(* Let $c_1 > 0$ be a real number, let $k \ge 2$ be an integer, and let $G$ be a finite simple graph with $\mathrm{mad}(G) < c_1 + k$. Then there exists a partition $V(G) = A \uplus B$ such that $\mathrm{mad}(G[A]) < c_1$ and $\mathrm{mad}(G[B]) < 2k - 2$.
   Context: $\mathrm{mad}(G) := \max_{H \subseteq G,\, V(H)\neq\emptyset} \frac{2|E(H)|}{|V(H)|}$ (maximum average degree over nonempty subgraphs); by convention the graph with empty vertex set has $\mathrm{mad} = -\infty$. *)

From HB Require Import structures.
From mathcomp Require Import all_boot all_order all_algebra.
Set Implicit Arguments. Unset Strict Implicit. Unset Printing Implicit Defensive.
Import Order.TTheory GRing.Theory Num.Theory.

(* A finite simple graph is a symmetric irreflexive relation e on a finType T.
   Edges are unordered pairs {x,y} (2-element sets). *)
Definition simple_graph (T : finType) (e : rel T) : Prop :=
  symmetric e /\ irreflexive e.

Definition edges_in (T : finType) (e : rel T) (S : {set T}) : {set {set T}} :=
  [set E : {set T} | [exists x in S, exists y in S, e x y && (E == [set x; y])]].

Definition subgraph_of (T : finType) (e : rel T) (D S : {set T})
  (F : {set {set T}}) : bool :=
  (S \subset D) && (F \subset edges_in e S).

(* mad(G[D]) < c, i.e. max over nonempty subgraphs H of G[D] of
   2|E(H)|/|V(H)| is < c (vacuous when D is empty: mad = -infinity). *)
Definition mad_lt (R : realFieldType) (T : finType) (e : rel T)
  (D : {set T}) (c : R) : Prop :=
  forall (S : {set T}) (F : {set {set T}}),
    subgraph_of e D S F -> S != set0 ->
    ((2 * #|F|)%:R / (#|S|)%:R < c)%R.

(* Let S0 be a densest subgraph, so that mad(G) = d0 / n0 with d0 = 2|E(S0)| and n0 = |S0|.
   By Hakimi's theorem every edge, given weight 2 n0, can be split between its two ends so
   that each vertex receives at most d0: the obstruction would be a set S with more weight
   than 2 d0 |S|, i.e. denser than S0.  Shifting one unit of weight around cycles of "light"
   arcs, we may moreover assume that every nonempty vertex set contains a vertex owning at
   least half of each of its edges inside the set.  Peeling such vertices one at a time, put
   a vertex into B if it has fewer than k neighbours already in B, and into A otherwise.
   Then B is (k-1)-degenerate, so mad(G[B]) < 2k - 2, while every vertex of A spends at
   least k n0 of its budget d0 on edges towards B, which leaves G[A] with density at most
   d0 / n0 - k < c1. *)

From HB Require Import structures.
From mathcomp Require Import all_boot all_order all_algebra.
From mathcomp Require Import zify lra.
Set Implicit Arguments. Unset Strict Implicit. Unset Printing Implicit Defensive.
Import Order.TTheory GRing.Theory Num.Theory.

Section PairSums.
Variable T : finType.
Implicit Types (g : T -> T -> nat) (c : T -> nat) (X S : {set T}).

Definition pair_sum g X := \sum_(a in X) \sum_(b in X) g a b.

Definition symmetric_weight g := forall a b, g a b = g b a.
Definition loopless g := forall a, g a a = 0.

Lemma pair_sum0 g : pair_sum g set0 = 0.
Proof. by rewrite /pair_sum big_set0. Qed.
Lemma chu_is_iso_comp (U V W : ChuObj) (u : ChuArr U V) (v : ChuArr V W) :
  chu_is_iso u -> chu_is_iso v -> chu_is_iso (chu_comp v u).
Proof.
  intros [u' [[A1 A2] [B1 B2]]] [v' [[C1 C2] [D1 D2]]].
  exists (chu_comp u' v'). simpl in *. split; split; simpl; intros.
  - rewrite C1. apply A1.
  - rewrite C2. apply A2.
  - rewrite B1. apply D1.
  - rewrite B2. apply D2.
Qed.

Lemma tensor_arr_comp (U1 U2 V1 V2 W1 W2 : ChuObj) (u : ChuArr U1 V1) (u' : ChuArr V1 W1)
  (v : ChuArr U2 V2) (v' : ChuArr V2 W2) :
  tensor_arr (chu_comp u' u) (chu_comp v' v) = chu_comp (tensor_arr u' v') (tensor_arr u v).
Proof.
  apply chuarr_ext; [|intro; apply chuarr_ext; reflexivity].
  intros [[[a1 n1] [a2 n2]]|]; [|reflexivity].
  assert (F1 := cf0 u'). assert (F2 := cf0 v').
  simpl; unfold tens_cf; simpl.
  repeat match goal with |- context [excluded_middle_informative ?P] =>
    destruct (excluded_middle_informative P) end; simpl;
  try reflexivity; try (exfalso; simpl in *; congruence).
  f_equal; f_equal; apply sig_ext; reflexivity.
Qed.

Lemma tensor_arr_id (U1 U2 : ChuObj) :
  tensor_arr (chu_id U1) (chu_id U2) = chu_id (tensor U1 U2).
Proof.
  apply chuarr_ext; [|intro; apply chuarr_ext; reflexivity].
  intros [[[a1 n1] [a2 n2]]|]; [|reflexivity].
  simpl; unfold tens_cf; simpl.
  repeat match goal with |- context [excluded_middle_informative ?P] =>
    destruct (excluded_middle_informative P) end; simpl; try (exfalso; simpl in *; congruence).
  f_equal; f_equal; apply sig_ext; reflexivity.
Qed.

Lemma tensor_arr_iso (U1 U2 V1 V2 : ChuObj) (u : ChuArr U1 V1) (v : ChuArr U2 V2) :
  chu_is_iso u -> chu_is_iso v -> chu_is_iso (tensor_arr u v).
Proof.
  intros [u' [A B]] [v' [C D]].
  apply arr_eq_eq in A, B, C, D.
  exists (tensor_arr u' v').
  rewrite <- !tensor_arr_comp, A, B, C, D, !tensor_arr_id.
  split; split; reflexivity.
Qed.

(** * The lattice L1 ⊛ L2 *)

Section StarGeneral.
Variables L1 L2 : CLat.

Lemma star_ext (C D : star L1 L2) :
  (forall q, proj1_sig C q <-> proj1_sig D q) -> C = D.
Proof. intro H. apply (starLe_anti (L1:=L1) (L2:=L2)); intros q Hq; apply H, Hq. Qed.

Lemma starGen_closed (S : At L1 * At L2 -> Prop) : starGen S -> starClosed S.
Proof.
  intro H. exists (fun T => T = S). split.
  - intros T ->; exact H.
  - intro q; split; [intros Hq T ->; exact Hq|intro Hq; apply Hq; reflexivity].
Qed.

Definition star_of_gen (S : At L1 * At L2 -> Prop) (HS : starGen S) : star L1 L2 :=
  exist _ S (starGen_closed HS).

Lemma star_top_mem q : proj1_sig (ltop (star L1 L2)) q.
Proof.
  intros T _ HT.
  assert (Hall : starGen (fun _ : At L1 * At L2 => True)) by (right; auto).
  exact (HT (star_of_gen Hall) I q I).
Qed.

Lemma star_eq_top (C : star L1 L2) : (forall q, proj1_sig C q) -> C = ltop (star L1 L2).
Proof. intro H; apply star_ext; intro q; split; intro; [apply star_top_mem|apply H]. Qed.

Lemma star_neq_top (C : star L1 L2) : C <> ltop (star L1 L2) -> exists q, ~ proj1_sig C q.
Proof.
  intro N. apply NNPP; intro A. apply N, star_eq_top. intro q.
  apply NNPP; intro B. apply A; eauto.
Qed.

================================

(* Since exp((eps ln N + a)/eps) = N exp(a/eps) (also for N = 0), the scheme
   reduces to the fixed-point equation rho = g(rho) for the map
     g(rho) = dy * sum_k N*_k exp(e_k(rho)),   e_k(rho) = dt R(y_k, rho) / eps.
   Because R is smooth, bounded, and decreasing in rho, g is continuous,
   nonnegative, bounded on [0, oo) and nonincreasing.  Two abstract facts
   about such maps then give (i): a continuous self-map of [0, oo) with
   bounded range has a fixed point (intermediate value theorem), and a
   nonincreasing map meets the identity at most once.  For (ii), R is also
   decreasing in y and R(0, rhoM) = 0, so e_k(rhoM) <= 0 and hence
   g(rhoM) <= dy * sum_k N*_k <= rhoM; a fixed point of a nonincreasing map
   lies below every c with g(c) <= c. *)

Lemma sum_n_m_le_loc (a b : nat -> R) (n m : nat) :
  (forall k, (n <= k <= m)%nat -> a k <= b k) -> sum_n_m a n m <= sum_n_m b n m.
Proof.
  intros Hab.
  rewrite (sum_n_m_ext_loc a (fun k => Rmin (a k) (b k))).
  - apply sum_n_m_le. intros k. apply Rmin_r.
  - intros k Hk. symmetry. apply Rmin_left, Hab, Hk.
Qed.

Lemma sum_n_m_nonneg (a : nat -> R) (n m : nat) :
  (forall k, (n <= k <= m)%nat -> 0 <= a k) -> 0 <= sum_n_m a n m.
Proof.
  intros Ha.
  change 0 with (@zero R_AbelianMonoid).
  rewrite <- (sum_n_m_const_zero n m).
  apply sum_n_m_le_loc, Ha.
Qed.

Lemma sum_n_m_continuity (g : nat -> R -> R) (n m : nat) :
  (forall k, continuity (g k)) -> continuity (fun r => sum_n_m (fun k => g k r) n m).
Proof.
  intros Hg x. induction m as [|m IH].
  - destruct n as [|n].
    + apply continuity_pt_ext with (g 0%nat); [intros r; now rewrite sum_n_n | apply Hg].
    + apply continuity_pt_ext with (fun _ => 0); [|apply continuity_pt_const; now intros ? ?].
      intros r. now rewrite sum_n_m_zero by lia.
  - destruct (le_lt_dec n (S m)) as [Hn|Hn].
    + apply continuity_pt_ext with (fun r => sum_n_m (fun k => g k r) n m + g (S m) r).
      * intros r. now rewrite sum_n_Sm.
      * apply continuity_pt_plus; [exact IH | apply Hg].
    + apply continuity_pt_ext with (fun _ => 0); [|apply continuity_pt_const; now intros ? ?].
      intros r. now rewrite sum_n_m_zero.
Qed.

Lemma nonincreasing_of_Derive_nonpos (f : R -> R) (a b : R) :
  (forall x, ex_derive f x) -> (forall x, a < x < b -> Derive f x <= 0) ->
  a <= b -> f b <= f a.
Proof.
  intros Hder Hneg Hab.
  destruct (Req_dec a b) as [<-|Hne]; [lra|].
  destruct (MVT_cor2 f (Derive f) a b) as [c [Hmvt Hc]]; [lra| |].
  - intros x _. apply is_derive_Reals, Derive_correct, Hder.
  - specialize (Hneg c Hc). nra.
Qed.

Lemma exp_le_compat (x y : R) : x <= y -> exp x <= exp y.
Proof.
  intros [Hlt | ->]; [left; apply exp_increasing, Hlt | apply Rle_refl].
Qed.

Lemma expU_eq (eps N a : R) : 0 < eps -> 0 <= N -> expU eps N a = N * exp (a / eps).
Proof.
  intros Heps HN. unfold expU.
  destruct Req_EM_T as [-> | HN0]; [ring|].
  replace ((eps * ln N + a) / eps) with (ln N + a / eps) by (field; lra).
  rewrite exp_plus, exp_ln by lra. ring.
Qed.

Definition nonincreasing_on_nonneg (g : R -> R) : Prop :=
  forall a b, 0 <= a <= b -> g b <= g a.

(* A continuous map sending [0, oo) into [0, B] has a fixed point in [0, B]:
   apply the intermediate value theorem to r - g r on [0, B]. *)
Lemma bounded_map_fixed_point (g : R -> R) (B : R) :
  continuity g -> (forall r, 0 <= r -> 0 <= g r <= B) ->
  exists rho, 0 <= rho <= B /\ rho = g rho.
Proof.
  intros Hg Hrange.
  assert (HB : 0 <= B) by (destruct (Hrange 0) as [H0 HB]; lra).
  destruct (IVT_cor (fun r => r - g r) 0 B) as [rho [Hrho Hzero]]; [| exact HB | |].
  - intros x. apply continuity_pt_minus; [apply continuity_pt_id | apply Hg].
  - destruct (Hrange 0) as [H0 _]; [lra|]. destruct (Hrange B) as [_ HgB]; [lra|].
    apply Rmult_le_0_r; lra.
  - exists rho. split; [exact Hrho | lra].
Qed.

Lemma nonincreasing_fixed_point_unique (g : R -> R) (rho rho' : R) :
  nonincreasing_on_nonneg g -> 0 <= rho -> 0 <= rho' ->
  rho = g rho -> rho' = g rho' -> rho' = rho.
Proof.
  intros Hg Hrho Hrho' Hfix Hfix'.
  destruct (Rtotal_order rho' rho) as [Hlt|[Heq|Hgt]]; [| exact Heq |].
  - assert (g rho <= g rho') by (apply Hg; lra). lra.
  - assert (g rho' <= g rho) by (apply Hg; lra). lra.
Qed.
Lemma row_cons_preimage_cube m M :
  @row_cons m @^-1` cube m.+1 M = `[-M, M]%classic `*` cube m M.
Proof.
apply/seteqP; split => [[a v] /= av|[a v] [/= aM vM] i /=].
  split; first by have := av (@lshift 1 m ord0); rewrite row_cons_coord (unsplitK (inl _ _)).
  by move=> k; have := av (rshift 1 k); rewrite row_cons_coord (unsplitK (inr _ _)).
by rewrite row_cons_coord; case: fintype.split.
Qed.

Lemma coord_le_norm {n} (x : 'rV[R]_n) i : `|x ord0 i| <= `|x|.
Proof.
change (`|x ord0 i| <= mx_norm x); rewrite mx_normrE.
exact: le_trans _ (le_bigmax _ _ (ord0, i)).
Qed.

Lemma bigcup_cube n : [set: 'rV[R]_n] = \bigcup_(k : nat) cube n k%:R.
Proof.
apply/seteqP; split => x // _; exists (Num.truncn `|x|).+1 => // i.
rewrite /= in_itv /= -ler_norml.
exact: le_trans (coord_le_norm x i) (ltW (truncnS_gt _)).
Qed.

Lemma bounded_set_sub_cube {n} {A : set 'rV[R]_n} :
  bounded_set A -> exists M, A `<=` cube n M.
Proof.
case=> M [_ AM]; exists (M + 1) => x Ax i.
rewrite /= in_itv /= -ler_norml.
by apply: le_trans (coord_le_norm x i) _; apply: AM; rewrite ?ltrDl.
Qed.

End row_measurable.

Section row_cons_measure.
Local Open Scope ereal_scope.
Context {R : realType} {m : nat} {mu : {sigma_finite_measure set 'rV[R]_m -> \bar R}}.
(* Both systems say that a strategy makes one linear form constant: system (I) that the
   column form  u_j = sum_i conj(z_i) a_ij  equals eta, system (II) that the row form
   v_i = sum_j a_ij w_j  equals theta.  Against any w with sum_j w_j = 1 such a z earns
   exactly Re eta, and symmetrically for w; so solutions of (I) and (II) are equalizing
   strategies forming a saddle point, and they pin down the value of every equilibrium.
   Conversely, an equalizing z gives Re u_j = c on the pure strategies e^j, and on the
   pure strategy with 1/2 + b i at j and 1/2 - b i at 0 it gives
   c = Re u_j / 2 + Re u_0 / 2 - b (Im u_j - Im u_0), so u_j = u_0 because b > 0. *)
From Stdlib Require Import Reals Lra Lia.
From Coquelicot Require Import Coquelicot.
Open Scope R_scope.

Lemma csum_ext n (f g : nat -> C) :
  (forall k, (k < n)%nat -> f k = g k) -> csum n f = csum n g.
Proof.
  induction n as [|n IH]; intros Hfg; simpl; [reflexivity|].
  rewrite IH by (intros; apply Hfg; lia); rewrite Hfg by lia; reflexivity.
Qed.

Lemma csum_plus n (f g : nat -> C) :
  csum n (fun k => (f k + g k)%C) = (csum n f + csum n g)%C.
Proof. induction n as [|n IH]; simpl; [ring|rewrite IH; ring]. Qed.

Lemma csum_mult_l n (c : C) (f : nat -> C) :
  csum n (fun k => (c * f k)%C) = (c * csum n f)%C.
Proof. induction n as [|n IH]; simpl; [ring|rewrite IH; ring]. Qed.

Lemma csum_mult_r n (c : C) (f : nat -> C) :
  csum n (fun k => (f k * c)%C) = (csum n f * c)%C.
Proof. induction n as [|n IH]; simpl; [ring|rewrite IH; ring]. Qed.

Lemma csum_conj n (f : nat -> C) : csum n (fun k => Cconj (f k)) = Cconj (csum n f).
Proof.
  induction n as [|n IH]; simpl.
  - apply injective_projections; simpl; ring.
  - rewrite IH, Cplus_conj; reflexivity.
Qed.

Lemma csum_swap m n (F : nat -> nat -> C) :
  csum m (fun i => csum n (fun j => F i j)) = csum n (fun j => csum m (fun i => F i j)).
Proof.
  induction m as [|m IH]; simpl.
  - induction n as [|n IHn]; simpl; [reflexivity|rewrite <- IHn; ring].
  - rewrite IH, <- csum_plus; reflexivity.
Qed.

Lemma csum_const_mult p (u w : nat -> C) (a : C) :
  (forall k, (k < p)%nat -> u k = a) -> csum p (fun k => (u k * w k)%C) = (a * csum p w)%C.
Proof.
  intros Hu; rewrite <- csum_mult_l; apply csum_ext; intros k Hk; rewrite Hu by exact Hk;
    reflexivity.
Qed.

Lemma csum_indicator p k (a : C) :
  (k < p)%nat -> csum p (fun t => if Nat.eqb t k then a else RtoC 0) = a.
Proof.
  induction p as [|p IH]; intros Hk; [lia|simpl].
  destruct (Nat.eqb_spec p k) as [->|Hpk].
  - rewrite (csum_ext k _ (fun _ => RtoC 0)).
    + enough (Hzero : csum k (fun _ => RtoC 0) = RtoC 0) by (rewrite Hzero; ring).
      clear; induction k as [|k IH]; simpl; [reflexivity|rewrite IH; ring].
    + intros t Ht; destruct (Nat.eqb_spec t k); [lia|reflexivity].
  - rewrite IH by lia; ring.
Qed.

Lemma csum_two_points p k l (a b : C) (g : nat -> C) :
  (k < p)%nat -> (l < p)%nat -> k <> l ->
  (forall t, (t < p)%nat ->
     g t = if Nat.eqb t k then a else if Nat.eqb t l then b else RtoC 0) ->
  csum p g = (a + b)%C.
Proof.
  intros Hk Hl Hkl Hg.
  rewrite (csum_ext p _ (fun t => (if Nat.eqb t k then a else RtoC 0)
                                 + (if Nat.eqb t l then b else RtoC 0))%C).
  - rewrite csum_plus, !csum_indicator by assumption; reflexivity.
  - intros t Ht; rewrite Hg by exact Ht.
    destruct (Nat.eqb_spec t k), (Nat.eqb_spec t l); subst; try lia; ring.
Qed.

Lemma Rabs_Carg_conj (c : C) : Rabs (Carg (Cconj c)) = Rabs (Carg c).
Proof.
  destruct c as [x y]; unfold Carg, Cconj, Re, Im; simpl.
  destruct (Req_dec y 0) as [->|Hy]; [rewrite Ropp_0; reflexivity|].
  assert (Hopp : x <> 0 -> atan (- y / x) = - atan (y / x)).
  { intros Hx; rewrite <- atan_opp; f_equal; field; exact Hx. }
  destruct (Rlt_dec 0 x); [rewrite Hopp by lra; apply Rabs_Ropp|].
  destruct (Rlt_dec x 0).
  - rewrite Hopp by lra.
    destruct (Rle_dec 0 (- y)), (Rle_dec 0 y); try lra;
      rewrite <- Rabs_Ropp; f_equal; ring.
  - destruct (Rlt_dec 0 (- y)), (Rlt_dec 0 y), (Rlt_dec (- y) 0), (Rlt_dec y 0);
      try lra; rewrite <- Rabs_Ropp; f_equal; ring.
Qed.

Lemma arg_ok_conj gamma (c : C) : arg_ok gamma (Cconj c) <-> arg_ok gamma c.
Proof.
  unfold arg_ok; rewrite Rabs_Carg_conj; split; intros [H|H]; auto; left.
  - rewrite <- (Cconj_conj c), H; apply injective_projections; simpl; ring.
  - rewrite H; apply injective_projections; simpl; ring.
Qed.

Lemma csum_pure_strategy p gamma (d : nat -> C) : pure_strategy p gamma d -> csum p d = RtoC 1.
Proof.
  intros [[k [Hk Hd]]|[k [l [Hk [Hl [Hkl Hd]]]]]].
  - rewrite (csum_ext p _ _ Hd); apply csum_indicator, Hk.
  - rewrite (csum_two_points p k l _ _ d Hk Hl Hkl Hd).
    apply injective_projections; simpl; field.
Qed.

================================

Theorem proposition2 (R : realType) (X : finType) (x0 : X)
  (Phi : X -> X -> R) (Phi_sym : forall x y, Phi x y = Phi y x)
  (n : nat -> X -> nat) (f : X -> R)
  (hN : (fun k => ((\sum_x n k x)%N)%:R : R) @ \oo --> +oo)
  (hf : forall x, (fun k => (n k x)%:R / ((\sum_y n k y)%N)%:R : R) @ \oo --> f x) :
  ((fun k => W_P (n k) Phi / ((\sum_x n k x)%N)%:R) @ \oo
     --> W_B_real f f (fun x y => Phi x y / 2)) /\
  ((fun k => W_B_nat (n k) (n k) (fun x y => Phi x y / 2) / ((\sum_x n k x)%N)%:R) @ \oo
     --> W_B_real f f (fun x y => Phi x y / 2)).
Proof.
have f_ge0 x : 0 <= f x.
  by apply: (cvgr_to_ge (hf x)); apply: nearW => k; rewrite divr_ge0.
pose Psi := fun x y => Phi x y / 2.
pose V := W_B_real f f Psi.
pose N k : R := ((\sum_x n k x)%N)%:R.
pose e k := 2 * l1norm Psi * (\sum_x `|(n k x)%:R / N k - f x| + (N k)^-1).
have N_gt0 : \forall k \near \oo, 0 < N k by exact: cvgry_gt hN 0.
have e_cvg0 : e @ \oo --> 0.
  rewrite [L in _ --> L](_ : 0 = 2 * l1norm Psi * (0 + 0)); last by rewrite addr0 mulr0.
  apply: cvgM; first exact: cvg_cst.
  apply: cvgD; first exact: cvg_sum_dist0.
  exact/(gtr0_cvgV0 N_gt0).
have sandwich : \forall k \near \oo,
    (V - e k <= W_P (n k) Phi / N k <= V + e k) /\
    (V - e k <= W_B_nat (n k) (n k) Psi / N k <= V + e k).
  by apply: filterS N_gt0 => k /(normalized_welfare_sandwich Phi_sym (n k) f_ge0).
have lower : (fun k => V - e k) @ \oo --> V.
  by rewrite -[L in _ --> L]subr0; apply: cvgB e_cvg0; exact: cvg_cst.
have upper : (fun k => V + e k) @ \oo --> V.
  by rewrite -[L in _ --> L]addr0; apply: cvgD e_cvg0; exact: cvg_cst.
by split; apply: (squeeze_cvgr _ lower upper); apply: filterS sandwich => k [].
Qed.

================================

Throughout the data above, report every line that contains the string "most".

   that each vertex receives at most d0: the obstruction would be a set S with more weight
   least k n0 of its budget d0 on edges towards B, which leaves G[A] with density at most
   nonincreasing map meets the identity at most once.  For (ii), R is also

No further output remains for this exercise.